If Carriers to Clears cannot produce Affecteds, could I use a Carrier?

From a scientific point of view, it is true that mating an L2-HGA Carrier to a Clear CAN NEVER produce an L2-HGA Affected animal. However, this is not the true crux of the question. Should we, ethically, conduct a mating that we know will, on average, produce puppies with the potential to create health problems?

For: The argument for is that to avoid carriers would mean a shrinking of the gene pool and hence would necessitate even closer in-breeding, which would in turn expose the breed to other health issues. Also, the puppies from these matings can themselves be genetically tested and subsequently bred from responsibly or, perhaps, not at all.

Against: The argument against is simply that the breed has a sufficiently large base to allow breeders to select suitable breeding stock that are not carriers. Further, if matings with carriers ARE conducted, you have the problem of controlling the actions of the people buying the puppies – making them test is not straightforward. Of course, the breeder himself could test the puppies prior to letting them go, but then, what does he do with those found to be carriers?

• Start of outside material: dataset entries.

(** Probability that the first n+1 states of the play (continuing history h
    from current state x) lie in Fbar. *)
Fixpoint tb_safeN (G : cgs) (s1 s2 : tbstrat) (Fb : {set tbstate}) (n : nat)
    (h : seq tbstate) (x : tbstate) : R :=
  match n with
  | 0 => (x \in Fb)%:R
  | n'.+1 => (x \in Fb)%:R *
      \sum_y tb_step G s1 s2 h x y * tb_safeN G s1 s2 Fb n' (rcons h x) y
  end.

Definition tb_as_wins (G : cgs) v (F : {set S}) (s1 : tbstrat) (x : tbstate) : Prop :=
  forall s2, legal_strat G v is_p2 s2 ->
    forall n, tb_safeN G s1 s2 (Fbar F) n [::] x = 1.

Definition tb_as_winning_state (G : cgs) v F (x : tbstate) : Prop :=
  tb_valid G v x /\
  exists s1, legal_strat G v is_p1 s1 /\ tb_as_wins G v F s1 x.

Definition pure_ml (f : tbstate -> tbstate) : tbstrat :=
  fun _ x => [ffun y => (y == f x)%:R].

Definition legal_pure_ml1 (G : cgs) v (f : tbstate -> tbstate) : Prop :=
  forall s, tb_edge G v (TB1 s) (f (TB1 s)).

End CGS.
Arguments TB1 {S M} s.
Arguments pure_ml {R S M} f.
Arguments tb_base {S M} x.

(* Player 1's turn-based strategy picks at s a pair (A, B); pi1 realises it by
   a selector with support A and pi2 answers inside B, so every successor t of
   s in the Markov chain of (pi1, pi2) is a successor of the random state
   (s, A, pi2 s).  Player 2 may steer the turn-based play to that state, from
   which the play moves uniformly to its successors; as the play from s is safe
   with probability 1, so is the play from each successor, and t is again
   almost-sure winning.  Thus the almost-sure winning states of S form a subset
   of F closed under the Markov chain. *)
From mathcomp Require Import all_boot all_order all_algebra.
From mathcomp Require Import classical_sets reals.
Set Implicit Arguments. Unset Strict Implicit. Unset Printing Implicit Defensive.
Import Order.TTheory GRing.Theory Num.Theory.
Local Open Scope ring_scope.
(* Let $L\ge1$ and let $X_1,\ldots,X_L$, $Y_1,\ldots,Y_L$ be operators with $X_l,Y_l$ acting on the same space for each $l$, and set $X=\bigotimes_{l=1}^{L}X_{l}$, $Y=\bigotimes_{l=1}^{L}Y_{l}$. Then for each $a\in\{0,1\}$, $$X+(-1)^{a}Y=\frac{1}{2^{L-1}}\sum_{\substack{\vec{b}\in\{0,1\}^{L}\\ \omega_{2}(\vec{b})=a}}\bigotimes_{l=1}^{L}\big[X_{l}+(-1)^{b_{l}}Y_{l}\big],$$ where $b_l$ is the $l$th entry of $\vec b$ and $\omega_2(\vec b)=\sum_{l=1}^{L}b_l \pmod 2$. *)

From HB Require Import structures.
From mathcomp Require Import all_boot all_order all_algebra.
Set Implicit Arguments. Unset Strict Implicit. Unset Printing Implicit Defensive.
Import Order.TTheory GRing.Theory Num.Theory.
Local Open Scope ring_scope.

(* Multi-indices for the tensor product of L finite-dimensional spaces of
   dimensions d 0, ..., d (L-1): the computational basis of the tensor
   product space is indexed by tuples (i_0,...,i_{L-1}) with i_l < d l. *)
Definition mindex (L : nat) (d : 'I_L -> nat) :=
  {dffun forall l : 'I_L, 'I_(d l)}.

(* Tensor (Kronecker) product of operators X_0,...,X_{L-1}, X_l acting on
   the d l-dimensional space, given by its matrix entries in the product
   basis:  (X_0 ⊗ ... ⊗ X_{L-1})_{i,j} = prod_l (X_l)_{i_l, j_l}. *)
Definition tensor_op (R : comRingType) (L : nat) (d : 'I_L -> nat)
  (X : forall l : 'I_L, 'M[R]_(d l)) (i j : mindex d) : R :=
  \prod_(l < L) X l (i l) (j l).

Definition omega2 (L : nat) (b : {ffun 'I_L -> bool}) : bool :=
  odd (\sum_(l < L) (b l : nat))%N.

From HB Require Import structures.
From mathcomp Require Import all_boot all_order all_algebra.
From mathcomp Require Import ring.
Import Order.TTheory GRing.Theory Num.Theory.
Local Open Scope ring_scope.

(* Expanding prod_l (x_l + (-1)^b_l y_l) over all sign patterns b, the cross
   terms cancel: the plain sum keeps 2^L prod_l x_l, and the sum weighted by
   (-1)^omega2(b) = prod_l (-1)^b_l keeps 2^L prod_l y_l.  Since
   1 + (-1)^(a + omega2 b) is 2 on the parity class a and 0 off it, adding
   the two sums gives twice the class-a sum, 2^L (prod x + (-1)^a prod y). *)

Lemma sum_parity_class (R : pzRingType) (I : finType) (p : pred I) (a : bool)
    (F : I -> R) :
  2 * \sum_(i | p i == a) F i =
    \sum_i F i + (-1) ^+ a * \sum_i (-1) ^+ p i * F i.
Proof.
rewrite [_ * \sum_i _]mulr_sumr -big_split (bigID (fun i => p i == a)) /=.
rewrite [X in _ = _ + X]big1 => [|i /negbTE pia]; last first.
  rewrite mulrA -signr_addb.
  by case: (p i) a pia => -[] //= _; rewrite expr1 mulN1r addrN.
rewrite addr0 mulr_sumr; apply: eq_big => // i /eqP <-.
by rewrite mulrA -signr_addb addbb expr0 mul1r mulr2n mulrDl mul1r.
Qed.

Lemma sign_omega2 (R : pzRingType) (L : nat) (b : {ffun 'I_L -> bool}) :
  (-1) ^+ omega2 b = \prod_(l < L) (-1) ^+ b l :> R.
Proof. by rewrite /omega2 signr_odd (big_morph _ (exprD _) (expr0 _)). Qed.

Section SignPatterns.

Context {R : comPzRingType} {L : nat} (x y : 'I_L -> R).

Lemma sum_sign_patterns :
  \sum_(b : {ffun 'I_L -> bool}) \prod_(l < L) (x l + (-1) ^+ b l * y l) =
    2 ^+ L * \prod_(l < L) x l.
Proof.
rewrite -(bigA_distr_bigA (fun l (s : bool) => x l + (-1) ^+ s * y l)).
rewrite -[in 2 ^+ L](card_ord L) -prodr_const -big_split /=.
by apply: eq_bigr => l _; rewrite big_bool /= expr1 mulN1r mul1r; ring.
Qed.

Lemma sum_signed_sign_patterns :
  \sum_(b : {ffun 'I_L -> bool})
      (-1) ^+ omega2 b * \prod_(l < L) (x l + (-1) ^+ b l * y l) =
    2 ^+ L * \prod_(l < L) y l.
Proof.
under eq_bigr do rewrite sign_omega2 -big_split /=.
rewrite -(bigA_distr_bigA
  (fun l (s : bool) => (-1) ^+ s * (x l + (-1) ^+ s * y l))).
rewrite -[in 2 ^+ L](card_ord L) -prodr_const -big_split /=.
by apply: eq_bigr => l _; rewrite big_bool /= expr1 !mulN1r !mul1r; ring.
Qed.

Lemma sum_sign_patterns_parity (a : bool) :
  2 * \sum_(b : {ffun 'I_L -> bool} | omega2 b == a)
        \prod_(l < L) (x l + (-1) ^+ b l * y l) =
    2 ^+ L * (\prod_(l < L) x l + (-1) ^+ a * \prod_(l < L) y l).
Proof.
rewrite sum_parity_class sum_sign_patterns sum_signed_sign_patterns.
by rewrite mulrCA -mulrDr.
Qed.

End SignPatterns.

Lemma tensor_op_lincomb (R : comNzRingType) (L : nat) (d : 'I_L -> nat)
    (X Y : forall l : 'I_L, 'M[R]_(d l)) (c : 'I_L -> R) (i j : mindex d) :
  tensor_op (fun l => X l + c l *: Y l) i j =
    \prod_(l < L) (X l (i l) (j l) + c l * Y l (i l) (j l)).
Proof. by apply: eq_bigr => l _; rewrite !mxE. Qed.

Theorem lemma4 (R : numFieldType) (L : nat) (hL : (0 < L)%N)
  (d : 'I_L -> nat) (X Y : forall l : 'I_L, 'M[R]_(d l)) (a : bool) :
  forall i j : mindex d,
    tensor_op X i j + (-1) ^+ a * tensor_op Y i j =
    ((2 ^ (L - 1))%:R)^-1 *
      \sum_(b : {ffun 'I_L -> bool} | omega2 b == a)
         tensor_op (fun l => X l + (-1) ^+ (b l) *: Y l) i j.
Proof.
move=> i j; under eq_bigr do rewrite tensor_op_lincomb.
have two_pow : (2 : R) ^+ L = 2 * (2 ^ (L - 1))%:R.
  by rewrite natrX -exprS subn1 prednK.
have nz2 : (2 : R) != 0 by rewrite pnatr_eq0.
have nz_pow : ((2 ^ (L - 1))%:R : R) != 0 by rewrite pnatr_eq0 expn_eq0.
have := sum_sign_patterns_parity
  (fun l => X l (i l) (j l)) (fun l => Y l (i l) (j l)) a.
rewrite two_pow -mulrA => /(mulfI nz2) ->.
by rewrite (mulKf nz_pow) /tensor_op.
Qed.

It is the author’s view that the above is a matter for the individual, and in the absence of Kennel Club guidelines, it falls to us all to breed responsibly and to conduct ourselves decently when it comes to the moving on of offspring. However, it may be useful to give consideration to the following potential issues:-

1. The owners of prominent stud dogs can, by testing, set a very positive example for the breed. Further, the tested-clear stud dog can NEVER produce an affected puppy, and so even if the bitch is untested, the stud dog cannot be “blamed” for any offspring subsequently found to be carriers. In this event, if progeny are found to be carriers it has to be from the Dam side of the mating, and traceability is made that much easier. This allows the breeder to continue breeding, on the basis of sound information and genetic knowledge of lines.

2. L2-HGA could be eradicated from showing stock if we all embrace the idea. Anyone who has seen an affected animal will tell you that the price of £60 is an absolute bargain if it results in the banishing of the condition from the breed.

3. The flip-side of this is for the owner of a carrier bitch wishing to have her mated. If very few stud dogs have been tested, where this bitch go to be mated without the worry of producing affected offspring? The more stud dogs that tested, the greater the choice for breeding from carrier bitches, and theoretically, the better the breed will be as a result. It is veterinary advice that we do not avoid all carriers from breeding programmes as this will result in a shrinking of the gene pool. Without knowing the true extent of the carrier problem this is hard to fully embrace, but the general point is, the author feels, most valid.